Weather Forecast


Out-of-service Soo Lock slows shipping on Great Lakes

Spectators watch as the freighter Isa transits the Poe Lock in Sault Ste. Marie, Mich., last week, on its way to Lake Superior. The MacArthur Lock - in the foreground - is temporarily closed because one set of gates is not working properly. All ship traffic will be routed through the Poe Lock. (Andrew Krueger /

By Brady Slater

Forum News Service

When it comes to the shipping industry, "summer sailing" is the best sailing on the Great Lakes. Not yet braced for November's gales and free of spring's lingering ice, summer sailing finds the big ore boats and other vessels running at optimal speed.

But a shutdown this week of one of the two operating Soo Locks in Sault Ste. Marie, Mich., has slowed the industry when it least expected it.

"Summer sailing is when we're supposed to be making our best times of the year," said Glen Nekvasil, vice president of the Lake Carriers' Association that represents U.S.-flag vessels on the Great Lakes. "Now, we've got this; this is going to have significant impact on shipping over the next eight to 10 days."

The Detroit District of the U.S. Army Corps of Engineers announced the closing of the MacArthur Lock on Monday, leaving only the Poe Lock for traffic between Lake Superior and Lake Huron. One set of gates on the MacArthur Lock is not closing properly, the Corps said in a news release, estimating a minimum 10-day outage. The Corps will "dewater the lock so the cause can be determined," after which immediate repairs will commence.

The news hit the Great Lakes shipping industry like an unexpected punch.

"I don't remember, in my 41 years, it ever happening to close for this period of time during an operating season," said Jim Sharrow, director of port planning and resiliency for the Duluth Seaway Port Authority and a longtime former employee of the Duluth-based Great Lakes Fleet of ships.

The Soo Locks are among 16 locks on the St. Lawrence Seaway navigation system, extending from Duluth to the Atlantic Ocean.

It could be worse, Sharrow said, explaining the MacArthur Lock only serves ships with a maximum size of 730 feet long and 76 feet wide. Anything larger, such as the 1,000-footers common in the industry today, must use the Poe Lock. With the 72-year-old MacArthur Lock down, the worst that can happen is congestion as all ships are rerouted through the Poe Lock.

If it were the 47-year-old Poe Lock that was down, "there would be an immediate and very negative effect on the shipping industry in general and all of the industries that depend on these ships," Sharrow said.

The prospect of losing the Poe Lock and the resulting blow to the economy came up during a congressional delegation's visit to the Soo Locks in July.

Rep. Rick Nolan of Minnesota and Rep. Dan Benishek of Michigan visited the locks for a weekend late in the month. The Minnesota Democrat and Michigan Republican are seeking bipartisan support in Congress to fund another lock similar to the Poe.
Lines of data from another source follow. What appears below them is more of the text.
(* Let $P$ be a graded poset and let $\sim$ be an equivalence relation on $P$ such that $x\sim y$ implies $\rho(x)=\rho(y)$. On the set $P/\sim$ of equivalence classes define $X\le Y$ iff there exist $x\in X$, $y\in Y$ and $z_1,\dots,z_k\in P$ such that $x\le z_1\sim z_2\le z_3\sim\cdots\le z_{k-1}\sim z_k\le y$. Then: (1) $P/\sim$ with $\le$ is a poset; (2) for $X,Y\in P/\sim$, $X\lessdot Y$ if and only if $x\lessdot y$ for some $x\in X$ and $y\in Y$; (3) $P/\sim$ is graded, and for $X\in P/\sim$ we have $\rho(X)=\rho(x)$ for all $x\in X$.
   Context: $P$ is a finite graded poset with rank function $\rho$. *)

From HB Require Import structures.
From mathcomp Require Import all_boot all_order.
Set Implicit Arguments. Unset Strict Implicit. Unset Printing Implicit Defensive.
Import Order.TTheory.
Local Open Scope order_scope.

Definition is_poset_on (A : Type) (D : A -> Prop) (le : A -> A -> Prop) :=
  [/\ (forall x, D x -> le x x),
      (forall x y, D x -> D y -> le x y -> le y x -> x = y) &
      (forall x y z, D x -> D y -> D z -> le x y -> le y z -> le x z)].

Definition covers (A : Type) (D : A -> Prop) (le : A -> A -> Prop) (x y : A) :=
  [/\ le x y, x <> y &
      ~ (exists z, [/\ D z, le x z, z <> x, le z y & z <> y])].

Definition graded_by (A : Type) (D : A -> Prop) (le : A -> A -> Prop)
  (rk : A -> nat) :=
  (forall x, D x -> (forall y, D y -> le y x -> y = x) -> rk x = 0%N) /\
  (forall x y, D x -> D y -> covers D le x y -> rk y = (rk x).+1).

(* Zigzag x <= a1 ~ b1 <= a2 ~ b2 <= ... <= ak ~ bk <= y, encoded by the
   list of pairs [(a1,b1); ...; (ak,bk)] (possibly empty: then x <= y). *)
Fixpoint zigzag (d : Order.disp_t) (T : porderType d) (r : rel T)
  (x : T) (s : seq (T * T)) (y : T) : bool :=
  match s with
  | [::] => x <= y
  | (a, b) :: s' => [&& x <= a, r a b & zigzag r b s' y]
  end.

Definition qclasses (d : Order.disp_t) (T : finPOrderType d) (r : rel T)
  : {set {set T}} := [set [set y | r x y] | x : T].

Definition qle (d : Order.disp_t) (T : finPOrderType d) (r : rel T)
  (X Y : {set T}) : Prop :=
  exists x y s, [/\ x \in X, y \in Y & zigzag r x s y].

From HB Require Import structures.
From mathcomp Require Import all_boot all_order.
Set Implicit Arguments. Unset Strict Implicit. Unset Printing Implicit Defensive.
Import Order.TTheory.
Local Open Scope order_scope.

(* In a finite graded poset the rank strictly increases along [<],
   so a zigzag [x <= z1 ~ z2 <= ... <= y] never lowers the rank, and when it
   preserves the rank every [<=] step is an equality, whence [x ~ y].  This
   gives antisymmetry of the quotient order, and shows that a class [X] lies
   strictly below [Y] only if some step of a zigzag from [X] to [Y] raises the
   rank; refining that step to a cover [u <. c] produces the intermediate
   class of [c], which must be [Y] when [X <. Y]. *)

Section FinPOrder.
Variables (d : Order.disp_t) (P : finPOrderType d).
Implicit Types x y z : P.

Local Notation pcovers := (covers (fun _ : P => True) (fun a b : P => a <= b)).

Lemma coversP x y : pcovers x y <-> x < y /\ (forall z, x < z -> z < y -> False).
Proof.
split=> [[xy xNy noz] | [xy noz]].
  split=> [|z xz zy]; first by rewrite lt_def xy andbT eq_sym; apply/eqP.
  apply: noz; exists z; split=> //; [exact: ltW | | exact: ltW |].
    by move=> zx; rewrite zx ltxx in xz.
  by move=> zy'; rewrite zy' ltxx in zy.
rewrite /covers; split=> [|xy'|[z [_ xz zNx zy zNy]]]; first exact: ltW.
  by rewrite xy' ltxx in xy.
by apply: (noz z); rewrite lt_def ?xz ?zy andbT; [exact/eqP | exact/eqP/nesym].
Qed.

Lemma covers_lt x y : pcovers x y -> x < y.
Proof. by case/coversP. Qed.

Lemma card_upset_lt x y :
  x < y -> (#|[set w | (y < w)%O]| < #|[set w | (x < w)%O]|)%N.
Proof.
move=> xy; apply: proper_card; apply/properP; split.
  by apply/subsetP => w; rewrite !inE; apply: lt_trans.
by exists y; rewrite !inE ?xy ?ltxx.
Qed.

(* A cover of [x] below [y]: among the elements of [(x, y]], one with the
   largest strict upper set is minimal. *)
Lemma exists_cover x y : x < y -> exists2 c, pcovers x c & c <= y.
Proof.
move=> xy.
pose between z := (x < z) && (z <= y).
have between_y : between y by rewrite /between xy lexx.
case: (arg_maxnP (fun z => #|[set w | z < w]|) between_y) => c /andP[xc cy] cmax.
exists c => //; apply/coversP; split=> // z xz zc.
have /cmax : between z by rewrite /between xz (le_trans (ltW zc) cy).
by rewrite /= leqNgt card_upset_lt.
Qed.

Lemma zigzag_cat (r : rel P) s t x y a b z :
  zigzag r x s y -> y <= a -> r a b -> zigzag r b t z ->
  zigzag r x (s ++ (a, b) :: t) z.
Proof.
elim: s x => [|[a' b'] s IHs] x /=; first by move=> xy ya -> ->; rewrite (le_trans xy ya).
by case/and3P=> -> -> zz ya ab zz'; rewrite (IHs _ zz ya ab zz').
Qed.

Section Graded.
Variable rho : P -> nat.
Hypothesis rho_graded : graded_by (fun _ => True) (fun x y : P => x <= y) rho.

Lemma covers_rank x y : pcovers x y -> rho y = (rho x).+1.
Proof. exact: rho_graded.2. Qed.

Lemma rank_lt x y : x < y -> (rho x < rho y)%N.
Proof.
have [n] := ubnP #|[set w | x < w]|; elim: n x => // n IHn x upx xy.
have [c xc cy] := exists_cover xy.
rewrite -ltnS -(covers_rank xc).
have [-> //|cNy] := eqVneq c y.
have c_lt_y : c < y by rewrite lt_def cy andbT eq_sym.
apply: ltnW (IHn _ _ c_lt_y).
exact: leq_trans (card_upset_lt (covers_lt xc)) upx.
Qed.

Lemma rank_le x y : x <= y -> (rho x <= rho y)%N.
Proof. by rewrite le_eqVlt => /predU1P[-> // | /rank_lt/ltnW]. Qed.

Lemma rank_le_inj x y : x <= y -> rho x = rho y -> x = y.
Proof.
rewrite le_eqVlt => /predU1P[// | /rank_lt xy eq_rk].
by rewrite eq_rk ltnn in xy.
Qed.

Lemma le_rank_lt x y : x <= y -> (rho x < rho y)%N -> x < y.
Proof. by move=> xy; rewrite lt_def xy andbT; apply: contraTneq => ->; rewrite ltnn. Qed.

Section Quotient.
Variable r : rel P.
Hypotheses (r_refl : reflexive r) (r_sym : symmetric r) (r_trans : transitive r).
Hypothesis r_rank : forall x y, r x y -> rho x = rho y.

Local Notation Q := (qclasses r).
Local Notation cls x := [set y | r x y].
Implicit Types X Y Z : {set P}.

Lemma zigzag_rank_le s x y : zigzag r x s y -> (rho x <= rho y)%N.
Proof.
elim: s x => [|[a b] s IHs] x /=; first exact: rank_le.
case/and3P=> xa ab zz; rewrite (leq_trans (rank_le xa)) // (r_rank ab).
exact: IHs.
Qed.

Lemma zigzag_rank_eq s x y : zigzag r x s y -> rho x = rho y -> r x y.
Proof.
elim: s x => [|[a b] s IHs] x /=; first by move=> xy /(rank_le_inj xy) ->.
case/and3P=> xa ab zz eq_xy.
have eq_xa : rho x = rho a.
  apply/eqP; rewrite eqn_leq rank_le // eq_xy (r_rank ab).
  exact: zigzag_rank_le zz.
move: ab; rewrite -(rank_le_inj xa eq_xa) => xb.
have eq_by : rho b = rho y by rewrite -(r_rank xb).
exact: r_trans xb (IHs _ zz eq_by).
Qed.

(* The first step of the zigzag that raises the rank is refined to a cover. *)
Lemma zigzag_rank_lt s x y : zigzag r x s y -> (rho x < rho y)%N ->
  exists u c t, [/\ r x u, pcovers u c & zigzag r c t y].
Proof.
elim: s x => [|[a b] s IHs] x /= => [xy | /and3P[xa ab zz]] lt_xy.
  have [c xc cy] := exists_cover (le_rank_lt xy lt_xy).
  by exists x, c, [::].
have [lt_xa | ge_xa] := ltnP (rho x) (rho a).
  have [c xc ca] := exists_cover (le_rank_lt xa lt_xa).
  by exists x, c, ((a, b) :: s); split=> //=; rewrite ca ab.
have eq_xa : rho x = rho a by apply/eqP; rewrite eqn_leq ge_xa rank_le.
move: ab; rewrite -(rank_le_inj xa eq_xa) => xb.
have [|u [c [t [bu uc zz']]]] := IHs b zz; first by rewrite -(r_rank xb).
by exists u, c, t; split=> //; apply: r_trans bu.
Qed.

Lemma cls_in_qclasses x : cls x \in Q.
Proof. exact: imset_f. Qed.

Lemma mem_cls x : x \in cls x.
Proof. by rewrite inE. Qed.

Lemma qclass_eq X x : X \in Q -> x \in X -> X = cls x.
Proof.
case/imsetP=> x0 _ ->; rewrite inE => x0x; apply/setP => z; rewrite !inE.
by apply/idP/idP; apply: r_trans; rewrite // r_sym.
Qed.

Lemma qclass_n0 X : X \in Q -> exists x, x \in X.
Proof. by case/imsetP=> x _ ->; exists x; apply: mem_cls. Qed.

Lemma qclass_rank X x y : X \in Q -> x \in X -> y \in X -> rho x = rho y.
Proof. by move=> XQ xX; rewrite (qclass_eq XQ xX) inE; apply: r_rank. Qed.

Lemma qle_rank X Y x y : X \in Q -> Y \in Q -> qle r X Y ->
  x \in X -> y \in Y -> (rho x <= rho y)%N.
Proof.
move=> XQ YQ [x' [y' [s [x'X y'Y zz]]]] xX yY.
by rewrite (qclass_rank XQ xX x'X) (qclass_rank YQ yY y'Y) (zigzag_rank_le zz).
Qed.

Lemma qle_rank_eq X Y x y : X \in Q -> Y \in Q -> qle r X Y ->
  x \in X -> y \in Y -> rho x = rho y -> X = Y.
Proof.
move=> XQ YQ [x' [y' [s [x'X y'Y zz]]]] xX yY eq_xy.
have eq_x'y' : rho x' = rho y'.
  by rewrite -(qclass_rank XQ xX x'X) -(qclass_rank YQ yY y'Y).
have x'Y : x' \in Y.
  by rewrite (qclass_eq YQ y'Y) inE r_sym (zigzag_rank_eq zz eq_x'y').
by rewrite (qclass_eq XQ x'X) (qclass_eq YQ x'Y).
Qed.

Lemma qle_cls x y : x <= y -> qle r (cls x) (cls y).
Proof. by move=> xy; exists x, y, [::]; rewrite !mem_cls. Qed.

Lemma qle_poset : is_poset_on (fun X => X \in Q) (qle r).
Proof.
split=> [X XQ | X Y XQ YQ XY YX | X Y Z XQ YQ ZQ].
- by have [x xX] := qclass_n0 XQ; rewrite (qclass_eq XQ xX); apply: qle_cls.
- have [x xX] := qclass_n0 XQ; have [y yY] := qclass_n0 YQ.
  apply: (qle_rank_eq XQ YQ XY xX yY); apply/eqP.
  by rewrite eqn_leq (qle_rank XQ YQ XY) // (qle_rank YQ XQ YX).
- move=> [x [y [s [xX yY zz]]]] [y' [z [t [y'Y zZ zz']]]].
  have yy' : r y y' by move: y'Y; rewrite (qclass_eq YQ yY) inE.
  by exists x, z, (s ++ (y, y') :: t); rewrite (zigzag_cat zz (lexx y) yy' zz').
Qed.

Local Notation qcovers := (covers (fun X => X \in Q) (qle r)).

Lemma qcovers_cls x y : pcovers x y -> qcovers (cls x) (cls y).
Proof.
move=> xy; have rk_y := covers_rank xy.
have clsxQ := cls_in_qclasses x; have clsyQ := cls_in_qclasses y.
rewrite /covers; split=> [|eq_cls|[Z [ZQ xZ Zx Zy Zy']]].
- exact/qle_cls/ltW/covers_lt.
- have yx : y \in cls x by rewrite eq_cls mem_cls.
  by have := qclass_rank clsxQ (mem_cls x) yx; rewrite rk_y => /n_Sn.
have [z zZ] := qclass_n0 ZQ.
have le_xz := qle_rank clsxQ ZQ xZ (mem_cls x) zZ.
have := qle_rank ZQ clsyQ Zy zZ (mem_cls y).
rewrite rk_y leq_eqVlt ltnS => /predU1P[eq_zy | le_zx].
  by apply: Zy'; apply: (qle_rank_eq ZQ clsyQ Zy zZ (mem_cls y)); rewrite rk_y.
apply: Zx; symmetry; apply: (qle_rank_eq clsxQ ZQ xZ (mem_cls x) zZ).
by apply/eqP; rewrite eqn_leq le_xz le_zx.
Qed.

Lemma qcoversP X Y : X \in Q -> Y \in Q ->
  qcovers X Y <-> exists x y, [/\ x \in X, y \in Y & pcovers x y].
Proof.
move=> XQ YQ; split=> [[XY XNY noZ] | [x [y [xX yY xy]]]]; last first.
  by rewrite (qclass_eq XQ xX) (qclass_eq YQ yY); apply: qcovers_cls.
have [x [y [s [xX yY zz]]]] := XY.
have lt_xy : (rho x < rho y)%N.
  rewrite ltn_neqAle (zigzag_rank_le zz) andbT.
  by apply/eqP => /(qle_rank_eq XQ YQ XY xX yY)/XNY.
have [u [c [t [xu uc zz']]]] := zigzag_rank_lt zz lt_xy.
have uX : u \in X by rewrite (qclass_eq XQ xX) inE.
exists u, c; split=> //.
have [<- | cNY] := eqVneq (cls c) Y; first exact: mem_cls.
case: noZ; exists (cls c); split.
- exact: cls_in_qclasses.
- by rewrite (qclass_eq XQ uX); apply/qle_cls/ltW/covers_lt.
- move=> eq_cX; have cX : c \in X by rewrite -eq_cX mem_cls.
  by have := qclass_rank XQ uX cX; rewrite (covers_rank uc) => /n_Sn.
- by exists c, y, t; rewrite mem_cls.
- exact/eqP.
Qed.

Definition qrank X : nat := if [pick x in X] is Some x then rho x else 0%N.

Lemma qrankE X x : X \in Q -> x \in X -> qrank X = rho x.
Proof.
move=> XQ xX; rewrite /qrank; case: pickP => [y yX | /(_ x)].
  exact: qclass_rank yX xX.
by rewrite xX.
Qed.

Lemma qrank_graded : graded_by (fun X => X \in Q) (qle r) qrank.
Proof.
split=> [X XQ Xmin | X Y XQ YQ /(qcoversP XQ YQ) [x [y [xX yY xy]]]].
  have [x xX] := qclass_n0 XQ; rewrite (qrankE XQ xX).
  apply: rho_graded.1 => // y _ yx.
  have eq_cls : cls y = X.
    apply: Xmin; first exact: cls_in_qclasses.
    by rewrite (qclass_eq XQ xX); apply: qle_cls.
  have yX : y \in X by rewrite -eq_cls mem_cls.
  exact: rank_le_inj yx (qclass_rank XQ yX xX).
by rewrite (qrankE XQ xX) (qrankE YQ yY) (covers_rank xy).
Qed.

End Quotient.
End Graded.
End FinPOrder.

Theorem proposition3p15 (d : Order.disp_t) (P : finPOrderType d)
  (rho : P -> nat)
  (Hgraded : graded_by (fun _ => True) (fun x y : P => x <= y) rho)
  (r : rel P)
  (Hrefl : reflexive r) (Hsym : symmetric r) (Htrans : transitive r)
  (Hrank : forall x y, r x y -> rho x = rho y) :
  let Q := qclasses r in
  let inQ := fun X : {set P} => X \in Q in
  (* (1) P/~ is a poset *)
  is_poset_on inQ (qle r) /\
  (* (2) covers in P/~ *)
  (forall X Y, X \in Q -> Y \in Q ->
     (covers inQ (qle r) X Y <->
      exists x y, [/\ x \in X, y \in Y &
                      covers (fun _ => True) (fun a b : P => a <= b) x y])) /\
  (* (3) P/~ is graded, with rank of a class = rank of any element *)
  (exists rhoQ : {set P} -> nat,
     graded_by inQ (qle r) rhoQ /\
     forall X x, X \in Q -> x \in X -> rhoQ X = rho x).
Proof.
move=> Q inQ.
split; first exact (qle_poset Hgraded Hrefl Hsym Htrans Hrank).
split; first exact (qcoversP Hgraded Hrefl Hsym Htrans Hrank).
exists (qrank rho); split; first exact (qrank_graded Hgraded Hrefl Hsym Htrans Hrank).
exact (qrankE Hsym Htrans Hrank).
Qed.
Their visit to the locks coincided with letters they wrote to the federal Office of Management and Budget, seeking to fund an impact study that would help fast-track the replacement of the Soo Locks' Davis and Sabin locks that are no longer operational.

In his letter soliciting approval of funding for the study, Nolan wrote: "A failure at the Soo Locks would devastate America's steel, auto and other manufacturing industries that rely on Iron Range taconite."

Nolan cited a study when he later suggested a six-month closure of the Poe Lock could cause "a recession even worse than the one we experienced in 2008."

Benishek's letter said 70 percent of the cargo in transit through the locks uses the Poe Lock. He called it imperative to add a lock "capable of providing redundancy to the Poe Lock."

As it is, the effects of the MacArthur Lock being down will slow — but not stall — the industry. Still, time and tonnage lost is difficult to regain, experts say.

"In this industry, delays are a terrible thing," said Nekvasil, from his office outside Cleveland. "The vessels are already running at optimal speed. You can't load any faster; you can't discharge any faster. Lost time is very hard to regain."

Sharrow agreed.

"A lost ton quite often ends up to be a ton not delivered," he said.

Nekvasil said the Lake Carriers' Association cannot yet quantify any lost tonnage, but said his office will be collecting data from its 16 member companies that operate 56 U.S.-flag ships on the Great Lakes.

Meanwhile, further delays loom.

"November," Nekvasil said, "is usually the month we suffer significant delays."